EXERCISE AIM: Set down exactly the lines below between the line holding "(forall a y1 w1 w2, 0" and the line holding "(forall a y1 y2, 0", inclusive; no other line belongs in the answer.

EXERCISE MATERIALS:
Lemma psi_le_of_Psi_le (rho beta : R) (y0 v0 y1 v1 : 'I_n -> R) : 0 <= rho ->
  Psi Delta Lambda d t G eta dg rho beta y0 v0 y1 v1
    <= Psi Delta Lambda d t G eta dg rho beta y0 v0 y0 v0 ->
  \sum_(a < n) dg y0 a * (y1 a - y0 a) <= g y1 - g y0 ->
  psi Delta Lambda d t G eta y1 v1 rho
    <= psi Delta Lambda d t G eta y0 v0 rho - rho * beta * sqdist y1 v1 y0 v0.
Proof.
move=> rho0; rewrite /Psi /psi /Phi /phi.
have -> : sqdist y0 v0 y0 v0 = 0.
  by rewrite /sqdist !big1 ?addr0 // => a _; rewrite subrr expr0n.
have -> : \sum_(a < n) dg y0 a * (y0 a - y0 a) = 0.
  by rewrite big1 // => a _; rewrite subrr mulr0.
move=> Psi_le lin_le; have := ler_wpM2l rho0 lin_le; lra.
Qed.

End Descent.

Section PDCIterates.
Variables (R : realType) (n m p : nat).
Variables (Delta : 'I_n -> 'I_m -> bool) (Lambda : 'I_p -> 'I_m -> bool)
          (d : 'I_p -> R) (u : 'I_n -> R) (tau : nat) (t : 'I_n -> R -> R -> R)
          (G : 'I_n -> R -> R) (eta : R) (dg : ('I_n -> R) -> ('I_n -> R)).
Hypothesis t_cont : forall a y s, 0 <= y -> {for (y, s), continuous (fun q : R * R => t a q.1 q.2)}.
Hypothesis t_nd : forall a y, 0 <= y -> {homo t a y : s1 s2 / s1 <= s2}.
Hypothesis G_cont : forall a y, 0 <= y -> {for y, continuous (G a)}.
Variables (eps1 eps2 eps3 theta_l theta_u rho0 sigma : R) (y0 : 'I_n -> R)
          (y v : nat -> ('I_n -> R)) (rho beta : nat -> R) (K : option nat).
Hypothesis rho0_gt0 : 0 < rho0.
Hypothesis sigma_gt1 : 1 < sigma.
Hypothesis y0_Ups : Ups u tau y0.
Hypothesis run : PDC_run Delta Lambda d u tau t G eta dg eps1 eps2 eps3 theta_l theta_u
  rho0 sigma y0 y v rho beta K.

Lemma PDC_invariant k : executed K k ->
  [/\ 0 < rho k, Ups u tau (y k) & Vclosure Delta Lambda d (v k)].
Proof.
case: run => y0E [Vv0 _] rho0E _ step.
elim: k => [_|k IHk /executed_pred[ek nK]].
  by rewrite rho0E y0E; split => //; exact: Vset_closure.
have [rho_gt0 Uy Vv] := IHk ek.
have [ama _ /(_ nK)[rhoE _]] := step k ek.
have [Uy1 Vv1 _] := AMA_out_descent t_cont t_nd G_cont Uy Vv ama.
split => //; rewrite rhoE; case: ifP => // _.
by rewrite mulr_gt0 // (lt_trans ltr01 sigma_gt1).
Qed.

End PDCIterates.

Theorem proposition4p3 (R : realType) (n m p : nat)
  (Delta : 'I_n -> 'I_m -> bool) (Lambda : 'I_p -> 'I_m -> bool)
  (d : 'I_p -> R) (u : 'I_n -> R) (tau : nat)
  (t : 'I_n -> R -> R -> R) (G : 'I_n -> R -> R) (eta : R)
  (dg : ('I_n -> R) -> ('I_n -> R))
  (eps1 eps2 eps3 theta_l theta_u rho0 sigma : R) (y0 : 'I_n -> R)
  (y v : nat -> ('I_n -> R)) (rho beta : nat -> R) (K : option nat) :
  (* network data *)
  (forall r : 'I_m, exists! w : 'I_p, Lambda w r) ->
  (forall w : 'I_p, exists r : 'I_m, Lambda w r) ->
  (forall w, 0 < d w) ->
  (forall a, 0 <= u a) ->
  (1 <= tau <= n)%N ->
  0 < eta ->
  (* t_a continuously differentiable (jointly) for y_a >= 0 *)
  (forall a (q : R * R), 0 <= q.1 ->
     differentiable (fun z : R * R => t a z.1 z.2) q) ->
  (forall a (e : R * R),
     {within [set q : R * R | 0 <= q.1],
       continuous (fun q : R * R => 'd (fun z : R * R => t a z.1 z.2) q e)}) ->
  (* t_a strictly increasing in v_a for y_a >= 0 *)
  (forall a y1 w1 w2, 0 <= y1 -> w1 < w2 -> t a y1 w1 < t a y1 w2) ->
  (* G_a nonnegative, C^1, strictly increasing, convex (on y_a >= 0) *)
  (forall a y1, 0 <= y1 -> 0 <= G a y1) ->
  (forall a y1, 0 <= y1 -> derivable (G a) y1 1) ->
  (forall a, {within [set y1 : R | 0 <= y1], continuous (derive1 (G a))}) ->
  (forall a y1 y2, 0 <= y1 -> y1 < y2 -> G a y1 < G a y2) ->
  (forall a y1 y2 lam, 0 <= y1 -> 0 <= y2 -> 0 <= lam <= 1 ->
     G a (lam * y1 + (1 - lam) * y2) <= lam * G a y1 + (1 - lam) * G a y2) ->
  (* int_0^{v_a} t_a(y_a,w)dw and t_a(y_a,v_a) v_a jointly convex *)
  (forall a y1 w1 y2 w2 lam, 0 <= y1 -> 0 <= w1 -> 0 <= y2 -> 0 <= w2 ->
     0 <= lam <= 1 ->
     prim t a (lam * y1 + (1 - lam) * y2) (lam * w1 + (1 - lam) * w2)
       <= lam * prim t a y1 w1 + (1 - lam) * prim t a y2 w2) ->
  (forall a y1 w1 y2 w2 lam, 0 <= y1 -> 0 <= w1 -> 0 <= y2 -> 0 <= w2 ->
     0 <= lam <= 1 ->
     t a (lam * y1 + (1 - lam) * y2) (lam * w1 + (1 - lam) * w2)
       * (lam * w1 + (1 - lam) * w2)
       <= lam * (t a y1 w1 * w1) + (1 - lam) * (t a y2 w2 * w2)) ->
  (* dg is the gradient of g on Y *)
  (forall yb y1, Yset u yb -> Yset u y1 ->
     (fun s : R => (gval Delta Lambda d t (fun a => yb a + s * (y1 a - yb a))
                    - gval Delta Lambda d t yb) / s)
       @ 0^'+ --> \sum_(a < n) dg yb a * (y1 a - yb a)) ->
  (* PDC parameters *)
  0 < eps1 -> 0 < eps2 -> 0 < eps3 -> 0 < theta_l -> theta_l < theta_u ->
  0 < rho0 -> 1 < sigma -> Ups u tau y0 ->
  (* the iterates of PDC *)
  PDC_run Delta Lambda d u tau t G eta dg eps1 eps2 eps3 theta_l theta_u
    rho0 sigma y0 y v rho beta K ->
  forall k, executed K k ->
    psi Delta Lambda d t G eta (y k.+1) (v k.+1) (rho k)
      <= psi Delta Lambda d t G eta (y k) (v k) (rho k)
         - rho k * beta k * sqdist (y k.+1) (v k.+1) (y k) (v k).
Proof.
move=> route_od _ _ _ _ _ t_diff _ t_incr _ G_der _ _ _ prim_convex _ g_dir_deriv
  _ _ _ _ _ rho0_gt0 sigma_gt1 y0_Ups run k ek.
have t_cont a y1 s : 0 <= y1 -> {for (y1, s), continuous (fun q : R * R => t a q.1 q.2)}.
  by move=> y10; apply: differentiable_continuous; exact: t_diff.
have t_nd a y1 : 0 <= y1 -> {homo t a y1 : s1 s2 / s1 <= s2}.
  by move=> y10 s1 s2; rewrite le_eqVlt => /predU1P[-> // | /(t_incr a _ _ _ y10)/ltW].
have G_cont a y1 : 0 <= y1 -> {for y1, continuous (G a)}.
  by move=> y10; apply/differentiable_continuous/derivable1_diffP; exact: G_der.
have [_ [Vv0 _] _ _ step] := run.
have [rho_gt0 Uy Vv] := PDC_invariant t_cont t_nd G_cont rho0_gt0 sigma_gt1 y0_Ups run ek.
have [ama _ _] := step k ek.
have [Uy1 _ descent] := AMA_out_descent t_cont t_nd G_cont Uy Vv ama.
apply: psi_le_of_Psi_le (ltW rho_gt0) descent _.
apply: (gval_gradient_ineq route_od t_cont t_nd (ex_intro _ _ Vv0) prim_convex
  (Ups_ge0 Uy1) (Ups_ge0 Uy) (g_dir_deriv _ _ Uy.1 Uy1.1)).
Qed.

ANSWER BOX:
  (forall a y1 w1 w2, 0 <= y1 -> w1 < w2 -> t a y1 w1 < t a y1 w2) ->
  (* G_a nonnegative, C^1, strictly increasing, convex (on y_a >= 0) *)
  (forall a y1, 0 <= y1 -> 0 <= G a y1) ->
  (forall a y1, 0 <= y1 -> derivable (G a) y1 1) ->
  (forall a, {within [set y1 : R | 0 <= y1], continuous (derive1 (G a))}) ->
  (forall a y1 y2, 0 <= y1 -> y1 < y2 -> G a y1 < G a y2) ->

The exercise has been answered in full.